Here, at least, C adheres to the practice used by most other languages. In fact a lot of programmers who are used to languages where the problem exists have never even realized that it is there—they just thought that the disambiguating rule was ‘obvious’. Let's hope that everyone feels that way.

## 1.4.2. The division operators

The division operators are the division operator `/`, and the remainder operator `%`. Division does what you would expect, except that when it is applied to integer operands it gives a result that is truncated towards zero. For example, `5/2` gives `2`, `5/3` gives `1`. The remainder operator is the way to get the truncated remainder. `5%2` gives `1`, `5%3` gives `2`. The signs of the remainder and quotient depend on the divisor and dividend in a way that is defined in the Standard and shown in Chapter 2.

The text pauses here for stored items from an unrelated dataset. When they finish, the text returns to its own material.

(* Let $G$ be a 4-dimensional connected Lie group with a global basis $\{X_1,\dots,X_4\}$ of left invariant vector fields satisfying, for real constants $\lambda_1,\dots,\lambda_4$, $[X_1,X_2]=\lambda_1X_1+\lambda_2X_2$, $[X_1,X_3]=\lambda_3X_2-\lambda_1X_4$, $[X_1,X_4]=-\lambda_3X_1-\lambda_2X_4$, $[X_2,X_3]=\lambda_4X_2+\lambda_1X_3$, $[X_2,X_4]=-\lambda_4X_1+\lambda_2X_3$, $[X_3,X_4]=\lambda_3X_3+\lambda_4X_4$, and let $JX_1=X_3$, $JX_2=X_4$, $JX_3=-X_1$, $JX_4=-X_2$, $g(X_1,X_1)=g(X_2,X_2)=-g(X_3,X_3)=-g(X_4,X_4)=1$, $g(X_i,X_j)=0$ for $i\ne j$. Let $\nabla'$ be a natural connection on $(G,J,g)$ with totally skew-symmetric torsion tensor $T$. Then $\nabla'_{X_1}X_1=\nabla'_{X_3}X_3=-\lambda_1X_2-\lambda_3X_4$, $\nabla'_{X_2}X_2=\nabla'_{X_4}X_4=\lambda_2X_1+\lambda_4X_3$, $\nabla'_{X_1}X_2=\nabla'_{X_3}X_4=\lambda_1X_1+\lambda_3X_3$, $\nabla'_{X_1}X_3=-\nabla'_{X_3}X_1=\lambda_3X_2-\lambda_1X_4$, $\nabla'_{X_1}X_4=-\nabla'_{X_3}X_2=-\lambda_3X_1+\lambda_1X_3$, $\nabla'_{X_2}X_1=\nabla'_{X_4}X_3=-\lambda_2X_2-\lambda_4X_4$, $\nabla'_{X_2}X_3=-\nabla'_{X_4}X_1=\lambda_4X_2-\lambda_2X_4$, $\nabla'_{X_2}X_4=-\nabla'_{X_4}X_2=-\lambda_4X_1+\lambda_2X_3$, and the components $T_{ijk}=g(T(X_i,X_j),X_k)$ are all zero except those determined by total skew-symmetry from $T_{134}=\lambda_1$, $T_{234}=\lambda_2$, $T_{123}=-\lambda_3$, $T_{124}=-\lambda_4$.
   Context: A linear connection $\nabla'$ on an almost complex manifold with Norden metric $(M,J,g)$ ($J^2=-\mathrm{Id}$, $g(Jx,Jy)=-g(x,y)$) is natural if $\nabla'J=0$ and $\nabla'g=0$. Its torsion is $T(x,y)=\nabla'_xy-\nabla'_yx-[x,y]$, and $T(x,y,z)=g(T(x,y),z)$; the torsion is totally skew-symmetric if $T(x,y,z)$ is a 3-form, i.e. skew-symmetric in every pair of arguments. *)

(* Algebraic model of the smooth setting:
   F  = ring of smooth real functions on G (a commutative R-algebra),
   V  = module of vector fields; since X_1..X_4 is a global frame, every
        vector field is uniquely  sum_i x_i X_i  with x_i in F, so V = F^4
        (row vectors), and X_i is the i-th standard basis vector.
   D i : F -> F  is the action of X_i on functions (an R-linear derivation),
   and the action of a general vector field x on f is  sum_i x_i D_i f.  *)
From HB Require Import structures.
From mathcomp Require Import all_boot all_order all_algebra.
From mathcomp Require Import reals.
Set Implicit Arguments. Unset Strict Implicit. Unset Printing Implicit Defensive.
Import Order.TTheory GRing.Theory Num.Theory.
Local Open Scope ring_scope.

Section Model.
Variables (R : realType) (F : comAlgType R).

Definition vf := 'rV[F]_4.

Definition i1 : 'I_4 := @Ordinal 4 0 erefl.
Definition i2 : 'I_4 := @Ordinal 4 1 erefl.
Definition i3 : 'I_4 := @Ordinal 4 2 erefl.
Definition i4 : 'I_4 := @Ordinal 4 3 erefl.

Definition X (i : 'I_4) : vf := delta_mx 0 i.

Definition comb (a1 a2 a3 a4 : R) : vf :=
  (a1%:A : F) *: X i1 + (a2%:A : F) *: X i2 + (a3%:A : F) *: X i3 + (a4%:A : F) *: X i4.

Definition brX (l1 l2 l3 l4 : R) (i j : 'I_4) : vf :=
  match nat_of_ord i, nat_of_ord j with
  | 0, 1 => comb l1 l2 0 0
  | 1, 0 => - comb l1 l2 0 0
  | 0, 2 => comb 0 l3 0 (- l1)
  | 2, 0 => - comb 0 l3 0 (- l1)
  | 0, 3 => comb (- l3) 0 0 (- l2)
  | 3, 0 => - comb (- l3) 0 0 (- l2)
  | 1, 2 => comb 0 l4 l1 0
  | 2, 1 => - comb 0 l4 l1 0
  | 1, 3 => comb (- l4) 0 l2 0
  | 3, 1 => - comb (- l4) 0 l2 0
  | 2, 3 => comb 0 0 l3 l4
  | 3, 2 => - comb 0 0 l3 l4
  | _, _ => 0
  end.

Definition act (D : 'I_4 -> F -> F) (x : vf) (f : F) : F :=
  \sum_i x 0 i * D i f.

Definition bracket (D : 'I_4 -> F -> F) (c : 'I_4 -> 'I_4 -> vf) (x y : vf) : vf :=
  \row_k (act D x (y 0 k) - act D y (x 0 k))
  + \sum_i \sum_j (x 0 i * y 0 j) *: c i j.

Definition eps (i : 'I_4) : R := if (nat_of_ord i < 2)%N then 1 else -1.
Definition gmet (x y : vf) : F := \sum_i ((eps i)%:A : F) * x 0 i * y 0 i.

Definition Jop (x : vf) : vf :=
  \row_k (match nat_of_ord k with
          | 0 => - x 0 i3
          | 1 => - x 0 i4
          | 2 => x 0 i1
          | _ => x 0 i2
          end).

## 1.4.3. An example performing input

It's useful to be able to perform input as well as to write programs that print out more or less interesting lists and tables. The simplest of the library routines (and the only one that we'll look at just now) is called `getchar`. It reads single characters from the program's input and returns an integer value. The value returned is a coded representation for that character and can be used to print the same character on the program output. It can also be compared against character constants or other characters that have been read, although the only test that makes sense is to see if both characters are the same. Comparing for greater or less than each other is not portable in general; there is no guarantee that `'a'` is less than `'b'`, although on most common systems that would be the case. The only guarantee that the Standard makes is that the codes for `'0'` through to `'9'` will always be consecutive. Here is one example.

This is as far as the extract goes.